The health and family planning division sat up and took notice after Razia's death. They went in a group to Razia's house and took pictures with Razia's little boy in their arms. They took videos of themselves talking to Razia's family. No one had been when Razia was alive. It is not as if just the health and family planning division have woken up after Razia's death. The role of the upazila parishad chairman and the upazila administration is dismal too.

The question posed to the Kaliganj upazila parishad chairman Sayeed Mehedi was, how was his contact with the area's eminent personalities, the sports, education and cultural personalities? He replied, it was good. Prominent persons of the area were invited on various national days. For example? Name a few. He said, "For example, my nephew Jabbar. He is an ADC." Have you even inquired after Razia? He said, "Alas! The girl was not just of my upazila, but of the same union." Had he been aware that she was expecting a child and that she had been in acute financial crisis? He said he hadn't been aware of that, but learnt about it when he visited her home after her death.

Upazila nirbahi officer Dipankar Das was one step ahead. He said, if anyone seeks help, they come forward. But they have no directives to inquire about anyone separately.

District sports officer Md Mahbubur Rahman was in the dark. But he was very regretful.

It was obvious that national team footballer Razia Sultana was only given importance by the local authorities after her death. But why should only the local authorities be blamed? What did Bangladesh Football Federation do for Razia? Did they inquire after her during her pregnancy, help her out with money, food assurances of her returning to the game? Nothing. Yet isn't it Razia and the other girls on the field who have regularly inundated the entire nation with elation and joy? Had we nothing to do for them? Have we nothing to do?

I spoke to the district sports officer. He said, "Girls of the upper and middle class families do not play football. All of those who come to play are from ultra-poor families. They hardly get a decent meal to eat. I get money from the government for three tournaments and seven competitions. I try my best to feed these kids well during that time."
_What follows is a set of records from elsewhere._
(* Let $R$ be a local ring with maximal ideal $\mathfrak m\neq 0$ such that $\mathfrak m^2=0$ and $\mathfrak m=Rx=xR$ for all $x\in\mathfrak m\setminus\{0\}$, and fix $x\in\mathfrak m\setminus\{0\}$. Then for every homomorphism $f:P\to Q$ of free left $R$-modules (respectively finitely generated free left $R$-modules) there exist free (respectively finitely generated free) left $R$-modules $M,N,V,W$ and isomorphisms $P\cong M\oplus N\oplus V$, $Q\cong M\oplus N\oplus W$ under which $f$ corresponds to the map $M\oplus N\oplus V\to M\oplus N\oplus W$ given by the matrix $\begin{pmatrix}1&0&0\\0&\cdot x&0\\0&0&0\end{pmatrix}$, where $\cdot x:N\to N$ denotes right multiplication by $x$ coordinatewise with respect to a basis of $N$.
   Context: Local ring: unique maximal left ideal $\mathfrak m$ (two-sided). *)

From HB Require Import structures.
From mathcomp Require Import all_boot all_algebra.
Set Implicit Arguments. Unset Strict Implicit. Unset Printing Implicit Defensive.
Import GRing.Theory.
Local Open Scope ring_scope.

Definition left_ideal (R : nzRingType) (I : R -> Prop) : Prop :=
  [/\ I 0, (forall a b, I a -> I b -> I (a + b)) & (forall r a, I a -> I (r * a))].

Definition maximal_left_ideal (R : nzRingType) (I : R -> Prop) : Prop :=
  [/\ left_ideal I, ~ I 1 &
      forall J : R -> Prop, left_ideal J -> ~ J 1 -> (forall a, I a -> J a) ->
        forall a, J a -> I a].

Definition local_with_max (R : nzRingType) (m : R -> Prop) : Prop :=
  maximal_left_ideal m /\
  forall J : R -> Prop, maximal_left_ideal J -> forall a, J a <-> m a.

Definition is_basis (R : nzRingType) (M : lmodType R) (I : eqType) (b : I -> M)
  : Prop :=
  (forall v : M, exists (s : seq I) (c : I -> R), v = \sum_(i <- s) c i *: b i) /\
  (forall (s : seq I) (c : I -> R), uniq s ->
     \sum_(i <- s) c i *: b i = 0 -> forall i, i \in s -> c i = 0).

Definition free_lmod (R : nzRingType) (M : lmodType R) : Prop :=
  exists (I : eqType) (b : I -> M), is_basis b.

Definition fingen_lmod (R : nzRingType) (M : lmodType R) : Prop :=
  exists s : seq M, forall v : M,
    exists c : 'I_(size s) -> R, v = \sum_(i < size s) c i *: s`_i.

Definition fgfree_lmod (R : nzRingType) (M : lmodType R) : Prop :=
  free_lmod M /\ fingen_lmod M.

Definition rmul_coord (R : nzRingType) (N : lmodType R) (I : eqType) (b : I -> N)
  (x : R) (g : N -> N) : Prop :=
  forall (s : seq I) (c : I -> R),
    g (\sum_(i <- s) c i *: b i) = \sum_(i <- s) (c i * x) *: b i.

Definition normal_form (R : nzRingType) (Fr : lmodType R -> Prop) (x : R)
  (P Q : lmodType R) (f : P -> Q) : Prop :=
  exists (M N V W : lmodType R),
    [/\ Fr M, Fr N, Fr V & Fr W] /\
    exists (phi : P -> (M * N * V)%type) (psi : Q -> (M * N * W)%type),
      [/\ linear phi, bijective phi, linear psi & bijective psi] /\
      exists (I : eqType) (b : I -> N) (g : N -> N),
        [/\ is_basis b, rmul_coord b x g &
            forall p : P, psi (f p) = ((phi p).1.1, g (phi p).1.2, 0)].

From HB Require Import structures.
From mathcomp Require Import all_boot all_algebra.
From mathcomp Require Import boolp classical_sets.
Set Implicit Arguments. Unset Strict Implicit. Unset Printing Implicit Defensive.
Import GRing.Theory.
Local Open Scope ring_scope.
Local Open Scope classical_set_scope.

(* Write [k = R / m].  As [m = xR = Rx] and [m ^+ 2 = 0], reduction modulo [x] turns a free
   module [P] into the [k]-vector space [P / xP], and a set of vectors of [P] whose image is
   a basis of [P / xP] is a basis of [P]: its relations have coefficients in [m], hence of
   the form [x c], and free modules have no [x]-torsion.  By Zorn's lemma choose [A] in [P]
   with [f A] independent modulo [x] and spanning [f P] modulo [x]; then, among the [b] with
   [f b = x g b], choose [B] such that [f A] together with [g B] is independent modulo [x]
   and spans all such [g b] modulo [x].  Then [A] and [B] together are independent modulo
   [x] and, with [ker f], span [P]; so they extend by some [C] in [ker f] to a basis of [P],
   while [f A] and [g B] extend to a basis of [Q].  In these bases [f] is the identity on
   [A], right multiplication by [x] on [B] (as [f b = x g b]), and zero on [C]. *)

(** * Maximal sets of finite character *)
Section FiniteCharacter.
Variables (T : eqType) (good : seq T -> Prop).

Definition finitely_good (S : set T) :=
  forall s : seq T, (forall e, e \in s -> S e) -> good s.

Lemma finitely_good_sub (S S' : set T) :
  S `<=` S' -> finitely_good S' -> finitely_good S.
Proof. by move=> sSS' gS' s sS; apply: gS' => e /sS /sSS'. Qed.

Lemma finitely_good_bigcup (S0 : set T) (F : set (set T)) :
  finitely_good S0 -> (forall X, F X -> finitely_good (S0 `|` X)) ->
  total_on F subset -> finitely_good (S0 `|` \bigcup_(X in F) X).
Proof.
move=> gS0 gF totF s hs.
suff [sS0|[X FX sX]] : (forall e, e \in s -> S0 e) \/
    exists2 X, F X & forall e, e \in s -> (S0 `|` X) e.
- exact: gS0.
- exact: gF FX _ sX.
elim: s hs => [|e s IHs] hs; first by left=> e; rewrite in_nil.
have /IHs IH : forall e', e' \in s -> (S0 `|` \bigcup_(X in F) X) e'.
  by move=> e' he'; apply: hs; rewrite in_cons he' orbT.
have [S0e|[Y FY Ye]] := hs e (mem_head _ _); case: IH => [sS0|[X FX sX]].
- by left=> e'; rewrite in_cons => /orP[/eqP->|/sS0].
- by right; exists X => // e'; rewrite in_cons => /orP[/eqP->|/sX]; [left|].
- right; exists Y => // e'; rewrite in_cons => /orP[/eqP->|/sS0]; [right|left] => //.
- have [XY|YX] := totF X Y FX FY.
    right; exists Y => // e'; rewrite in_cons => /orP[/eqP->|/sX[]]; [right|left|right] => //.
    exact: XY.
  right; exists X => // e'; rewrite in_cons => /orP[/eqP->|/sX] //; right; exact: YX.
Qed.

Lemma exists_maximal_finitely_good (S0 : set T) : finitely_good S0 ->
  exists S, [/\ S0 `<=` S, finitely_good S &
                forall y, finitely_good (S `|` [set y]) -> S y].
Proof.
(* adjoining [S0] to every member of a chain gives the empty chain an upper bound *)
move=> gS0.
have [A [gA maxA]] := Zorn_bigcup (P := fun A => finitely_good (S0 `|` A))
  (fun F gF => finitely_good_bigcup gS0 gF).
exists (S0 `|` A); split => //.
move=> y gy; apply: contrapT => nAy; apply: (maxA (A `|` [set y])).
  split; first exact: subsetUl.
  by move=> /(_ y (or_intror erefl)) Ay; apply: nAy; right.
by apply: finitely_good_sub gy; rewrite setUA.
Qed.

End FiniteCharacter.

(** * Linear combinations, bases and linear extension *)

Section LinearCombinations.
Variable R : nzRingType.

Section Coefficients.
Variable X : eqType.
Implicit Types (S : set X) (t : seq (X * R)).

Definition supported S t := forall p, p \in t -> S p.1.

Definition coef t (y : X) : R := \sum_(p <- t | p.1 == y) p.2.

Lemma supported_cat S t1 t2 :
  supported S t1 -> supported S t2 -> supported S (t1 ++ t2).
Proof. by move=> h1 h2 p; rewrite mem_cat => /orP[/h1|/h2]. Qed.

Lemma coef_cat t1 t2 y : coef (t1 ++ t2) y = coef t1 y + coef t2 y.
Proof. by rewrite /coef big_cat. Qed.

Lemma coef_notin t y : y \notin map fst t -> coef t y = 0.
Proof.
by move=> ny; rewrite /coef big1_seq // => p /andP[/eqP py /(map_f fst)]; rewrite py (negbTE ny).
Qed.

Lemma coef_map (Z : eqType) (s : seq Z) (g : Z -> X) (c : Z -> R) z :
  uniq s -> {in s &, injective g} -> z \in s ->
  coef [seq (g z', c z') | z' <- s] (g z) = c z.
Proof.
move=> us ig zs; rewrite /coef big_map /= -big_filter.
rewrite (@eq_in_filter _ _ (pred1 z)) ?filter_pred1_uniq ?big_seq1 // => z' z's /=.
by apply/eqP/eqP => [/(ig _ _ z's zs)|->].
Qed.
The 11 girls take to the field carrying the liability of the entire population of 170 million people. Yet what have we done for them?

It was learnt that quite a few girls from Satkhira were playing in various age-group teams. A few sports enthusiasts are trying their best to smash the social taboos and bring these girls to the game. It was one such sports organiser Akbar Ali who opened the doors for Razia. After his death, Arif Hossain is trying to carry on this effort.

Speaking to Prothom Alo, Arif Hossain said, "I try to bring the girls and give them place in my home. It is not that I can do much for them. For example, I go to the market and tell the vegetable sellers there, see if you can give these girls a week's supply of vegetables. They are our footballers. Some help out with lentils. That's how we pull along somehow."

There are so many millionaires and billionaires that have sprouted up in our country. How many of them have come forward for these girls?

I look towards myself. Just the other day I was showing my colleague Nayir Iqbal a report in the Washington Post, saying look at this excellent report. In that country, players can have different limbs even insured separately.

Their investigative reporters found that the blacks cannot draw as much insurance money as can the white-skinned. I was so agitated. Yet in our country, girls hide their pregnancy in case they have to undergo surgery and not be able to return to the game. They take to the field even while pregnant. Then suddenly it is all over. They die. I had never thought about that.

The 11 girls take to the field carrying the liability of the entire population of 170 million people. Yet what have we done for them?